In the data below, one line contains "elim/ltn_ind: n s" and a later one contains "rewrite inE /= => sx_x.". Print both, with every line between them, exactly and alone.

+--

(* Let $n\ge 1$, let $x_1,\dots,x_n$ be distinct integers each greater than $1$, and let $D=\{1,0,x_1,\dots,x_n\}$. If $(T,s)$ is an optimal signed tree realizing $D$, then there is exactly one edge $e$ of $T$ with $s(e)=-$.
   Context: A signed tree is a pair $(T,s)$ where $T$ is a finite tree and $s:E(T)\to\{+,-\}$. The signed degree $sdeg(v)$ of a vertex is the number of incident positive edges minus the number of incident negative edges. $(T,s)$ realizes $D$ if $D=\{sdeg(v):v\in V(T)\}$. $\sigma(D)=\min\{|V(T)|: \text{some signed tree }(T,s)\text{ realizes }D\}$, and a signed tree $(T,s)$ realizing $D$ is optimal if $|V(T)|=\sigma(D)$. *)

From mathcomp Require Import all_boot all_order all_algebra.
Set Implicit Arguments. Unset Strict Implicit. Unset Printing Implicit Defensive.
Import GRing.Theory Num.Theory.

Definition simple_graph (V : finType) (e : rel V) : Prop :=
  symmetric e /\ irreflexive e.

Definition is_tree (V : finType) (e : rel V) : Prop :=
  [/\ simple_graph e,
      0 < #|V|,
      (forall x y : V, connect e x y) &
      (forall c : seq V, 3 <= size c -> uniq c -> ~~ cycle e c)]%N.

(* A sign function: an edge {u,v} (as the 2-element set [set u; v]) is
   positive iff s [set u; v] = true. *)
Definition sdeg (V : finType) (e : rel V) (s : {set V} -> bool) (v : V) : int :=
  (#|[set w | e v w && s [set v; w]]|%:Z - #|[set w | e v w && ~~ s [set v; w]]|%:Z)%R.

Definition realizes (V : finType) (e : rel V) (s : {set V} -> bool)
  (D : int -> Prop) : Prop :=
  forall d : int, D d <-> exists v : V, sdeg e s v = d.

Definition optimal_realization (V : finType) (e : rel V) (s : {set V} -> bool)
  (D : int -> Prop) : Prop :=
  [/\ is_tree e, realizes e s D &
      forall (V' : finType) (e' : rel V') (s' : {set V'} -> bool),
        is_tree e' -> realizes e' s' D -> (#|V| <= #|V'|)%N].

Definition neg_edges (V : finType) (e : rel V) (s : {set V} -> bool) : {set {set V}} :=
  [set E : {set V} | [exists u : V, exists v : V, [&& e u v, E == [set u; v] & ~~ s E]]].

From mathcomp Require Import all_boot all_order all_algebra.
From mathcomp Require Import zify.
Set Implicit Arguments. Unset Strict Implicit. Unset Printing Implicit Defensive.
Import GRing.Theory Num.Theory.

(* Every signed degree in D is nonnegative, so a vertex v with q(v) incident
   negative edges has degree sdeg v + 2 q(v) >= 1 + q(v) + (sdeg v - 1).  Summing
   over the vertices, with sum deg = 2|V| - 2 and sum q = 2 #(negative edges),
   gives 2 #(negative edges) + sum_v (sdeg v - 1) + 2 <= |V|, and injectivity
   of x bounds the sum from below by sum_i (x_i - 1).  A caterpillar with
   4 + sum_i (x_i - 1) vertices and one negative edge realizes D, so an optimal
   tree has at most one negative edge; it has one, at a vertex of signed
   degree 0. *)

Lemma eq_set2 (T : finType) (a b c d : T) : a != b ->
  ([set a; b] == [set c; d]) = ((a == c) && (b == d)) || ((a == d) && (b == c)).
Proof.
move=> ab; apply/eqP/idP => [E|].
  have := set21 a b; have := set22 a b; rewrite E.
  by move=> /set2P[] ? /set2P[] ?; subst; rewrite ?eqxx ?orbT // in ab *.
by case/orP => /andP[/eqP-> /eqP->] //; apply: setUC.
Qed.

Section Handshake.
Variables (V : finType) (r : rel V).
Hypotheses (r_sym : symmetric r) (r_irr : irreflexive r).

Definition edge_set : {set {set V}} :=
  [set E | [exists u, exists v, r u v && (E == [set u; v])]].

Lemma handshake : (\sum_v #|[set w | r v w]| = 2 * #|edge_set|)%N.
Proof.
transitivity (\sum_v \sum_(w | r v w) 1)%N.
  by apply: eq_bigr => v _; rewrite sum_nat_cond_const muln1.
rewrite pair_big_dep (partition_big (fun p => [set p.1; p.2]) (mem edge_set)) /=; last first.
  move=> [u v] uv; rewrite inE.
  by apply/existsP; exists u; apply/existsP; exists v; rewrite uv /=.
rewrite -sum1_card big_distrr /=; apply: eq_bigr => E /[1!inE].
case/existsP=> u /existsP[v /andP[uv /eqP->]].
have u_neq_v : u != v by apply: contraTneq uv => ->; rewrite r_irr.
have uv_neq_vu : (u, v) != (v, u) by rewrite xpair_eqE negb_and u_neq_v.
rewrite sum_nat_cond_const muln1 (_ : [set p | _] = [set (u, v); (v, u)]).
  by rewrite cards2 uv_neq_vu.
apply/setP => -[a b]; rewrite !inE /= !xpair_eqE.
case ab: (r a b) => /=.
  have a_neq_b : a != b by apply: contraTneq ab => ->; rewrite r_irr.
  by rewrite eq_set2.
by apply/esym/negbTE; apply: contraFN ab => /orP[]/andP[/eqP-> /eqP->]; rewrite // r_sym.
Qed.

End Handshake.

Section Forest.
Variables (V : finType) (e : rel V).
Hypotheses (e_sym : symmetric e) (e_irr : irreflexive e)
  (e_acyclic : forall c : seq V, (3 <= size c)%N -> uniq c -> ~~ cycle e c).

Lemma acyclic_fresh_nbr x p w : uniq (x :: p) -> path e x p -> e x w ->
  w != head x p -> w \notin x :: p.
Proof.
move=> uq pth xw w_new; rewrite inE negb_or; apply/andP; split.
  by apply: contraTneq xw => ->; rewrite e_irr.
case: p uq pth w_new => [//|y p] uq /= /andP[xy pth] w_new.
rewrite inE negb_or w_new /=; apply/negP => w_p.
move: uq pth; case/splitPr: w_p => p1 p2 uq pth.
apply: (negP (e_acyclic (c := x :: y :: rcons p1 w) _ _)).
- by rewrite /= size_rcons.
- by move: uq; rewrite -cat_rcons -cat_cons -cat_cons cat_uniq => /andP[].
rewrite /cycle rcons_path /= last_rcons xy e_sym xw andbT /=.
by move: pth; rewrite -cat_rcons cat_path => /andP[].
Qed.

+--

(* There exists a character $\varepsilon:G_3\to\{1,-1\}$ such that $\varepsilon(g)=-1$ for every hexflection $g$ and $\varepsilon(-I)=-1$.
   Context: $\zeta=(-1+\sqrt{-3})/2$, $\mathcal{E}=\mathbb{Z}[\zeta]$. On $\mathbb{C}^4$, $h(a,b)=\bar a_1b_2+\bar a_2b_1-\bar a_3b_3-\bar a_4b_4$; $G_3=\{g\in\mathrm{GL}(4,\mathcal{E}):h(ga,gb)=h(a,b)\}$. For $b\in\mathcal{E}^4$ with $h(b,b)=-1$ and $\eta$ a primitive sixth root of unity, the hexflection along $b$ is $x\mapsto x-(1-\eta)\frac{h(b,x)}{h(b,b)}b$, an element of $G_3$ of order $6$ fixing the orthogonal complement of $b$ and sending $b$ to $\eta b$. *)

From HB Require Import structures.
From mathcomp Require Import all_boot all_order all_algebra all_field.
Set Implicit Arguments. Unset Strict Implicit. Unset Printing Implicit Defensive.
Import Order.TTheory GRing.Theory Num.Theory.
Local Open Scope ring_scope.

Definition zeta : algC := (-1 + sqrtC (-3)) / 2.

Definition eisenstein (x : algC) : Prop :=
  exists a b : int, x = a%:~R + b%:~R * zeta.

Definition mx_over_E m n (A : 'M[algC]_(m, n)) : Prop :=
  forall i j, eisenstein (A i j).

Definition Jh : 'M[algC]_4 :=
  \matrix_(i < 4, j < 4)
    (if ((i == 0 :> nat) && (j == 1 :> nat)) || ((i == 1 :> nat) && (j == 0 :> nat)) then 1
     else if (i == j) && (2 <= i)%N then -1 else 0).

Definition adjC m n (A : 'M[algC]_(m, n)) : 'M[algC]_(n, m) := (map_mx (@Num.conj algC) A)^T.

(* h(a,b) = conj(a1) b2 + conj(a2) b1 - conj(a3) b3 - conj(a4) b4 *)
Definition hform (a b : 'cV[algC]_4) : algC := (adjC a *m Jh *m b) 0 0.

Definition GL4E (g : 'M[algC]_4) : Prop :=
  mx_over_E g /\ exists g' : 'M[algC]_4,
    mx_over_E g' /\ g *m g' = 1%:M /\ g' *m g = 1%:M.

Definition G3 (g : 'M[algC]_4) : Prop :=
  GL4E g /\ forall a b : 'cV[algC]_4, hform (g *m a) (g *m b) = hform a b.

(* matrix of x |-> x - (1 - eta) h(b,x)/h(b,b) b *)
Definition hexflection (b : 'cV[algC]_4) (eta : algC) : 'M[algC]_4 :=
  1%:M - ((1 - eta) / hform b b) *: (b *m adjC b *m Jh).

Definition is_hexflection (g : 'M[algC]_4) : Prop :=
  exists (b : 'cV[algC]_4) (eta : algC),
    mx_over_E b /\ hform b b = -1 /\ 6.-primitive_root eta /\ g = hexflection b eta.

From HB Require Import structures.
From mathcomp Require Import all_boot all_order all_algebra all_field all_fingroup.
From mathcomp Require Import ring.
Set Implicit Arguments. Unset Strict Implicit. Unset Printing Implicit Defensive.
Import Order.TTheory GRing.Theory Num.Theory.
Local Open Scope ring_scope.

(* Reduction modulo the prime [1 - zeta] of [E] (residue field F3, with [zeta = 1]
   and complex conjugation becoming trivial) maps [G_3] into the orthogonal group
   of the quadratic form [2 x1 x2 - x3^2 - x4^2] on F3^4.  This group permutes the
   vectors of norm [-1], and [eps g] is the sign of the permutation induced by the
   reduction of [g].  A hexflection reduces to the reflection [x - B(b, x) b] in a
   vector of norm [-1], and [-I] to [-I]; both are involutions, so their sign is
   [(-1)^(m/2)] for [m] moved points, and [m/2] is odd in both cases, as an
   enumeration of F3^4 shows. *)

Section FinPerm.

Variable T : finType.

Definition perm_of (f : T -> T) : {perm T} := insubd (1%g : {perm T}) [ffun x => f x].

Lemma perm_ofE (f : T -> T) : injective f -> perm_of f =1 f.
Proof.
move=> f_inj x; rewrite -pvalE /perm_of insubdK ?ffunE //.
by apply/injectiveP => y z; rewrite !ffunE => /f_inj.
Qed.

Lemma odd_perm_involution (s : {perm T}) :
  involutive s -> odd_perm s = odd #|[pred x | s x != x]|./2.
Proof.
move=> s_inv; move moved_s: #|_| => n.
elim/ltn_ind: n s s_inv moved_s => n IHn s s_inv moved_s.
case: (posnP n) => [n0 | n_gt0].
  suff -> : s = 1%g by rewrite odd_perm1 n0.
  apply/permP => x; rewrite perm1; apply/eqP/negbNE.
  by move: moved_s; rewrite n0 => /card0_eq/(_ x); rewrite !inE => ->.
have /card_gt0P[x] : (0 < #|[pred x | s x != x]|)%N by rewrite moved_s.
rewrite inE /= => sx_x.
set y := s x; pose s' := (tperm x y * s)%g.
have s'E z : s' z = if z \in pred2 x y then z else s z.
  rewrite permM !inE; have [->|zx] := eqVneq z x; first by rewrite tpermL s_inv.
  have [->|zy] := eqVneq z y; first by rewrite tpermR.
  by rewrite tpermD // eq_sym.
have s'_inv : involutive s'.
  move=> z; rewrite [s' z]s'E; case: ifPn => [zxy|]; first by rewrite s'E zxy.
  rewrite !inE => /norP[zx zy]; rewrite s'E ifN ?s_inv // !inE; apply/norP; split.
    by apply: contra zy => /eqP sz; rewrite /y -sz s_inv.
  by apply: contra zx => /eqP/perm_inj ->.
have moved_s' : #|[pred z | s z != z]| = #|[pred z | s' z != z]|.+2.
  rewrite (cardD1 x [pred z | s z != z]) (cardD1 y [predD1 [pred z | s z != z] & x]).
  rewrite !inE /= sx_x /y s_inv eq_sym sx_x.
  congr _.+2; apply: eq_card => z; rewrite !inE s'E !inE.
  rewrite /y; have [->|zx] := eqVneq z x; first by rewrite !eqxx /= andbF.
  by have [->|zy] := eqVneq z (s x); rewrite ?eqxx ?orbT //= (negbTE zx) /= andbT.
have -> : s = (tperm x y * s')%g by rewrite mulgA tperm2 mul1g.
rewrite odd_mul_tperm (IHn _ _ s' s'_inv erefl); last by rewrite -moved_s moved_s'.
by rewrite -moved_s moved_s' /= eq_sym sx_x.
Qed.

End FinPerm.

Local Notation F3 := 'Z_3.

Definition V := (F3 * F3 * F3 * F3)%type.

+--

• Answer to this task
elim/ltn_ind: n s s_inv moved_s => n IHn s s_inv moved_s.
case: (posnP n) => [n0 | n_gt0].
  suff -> : s = 1%g by rewrite odd_perm1 n0.
  apply/permP => x; rewrite perm1; apply/eqP/negbNE.
  by move: moved_s; rewrite n0 => /card0_eq/(_ x); rewrite !inE => ->.
have /card_gt0P[x] : (0 < #|[pred x | s x != x]|)%N by rewrite moved_s.
rewrite inE /= => sx_x.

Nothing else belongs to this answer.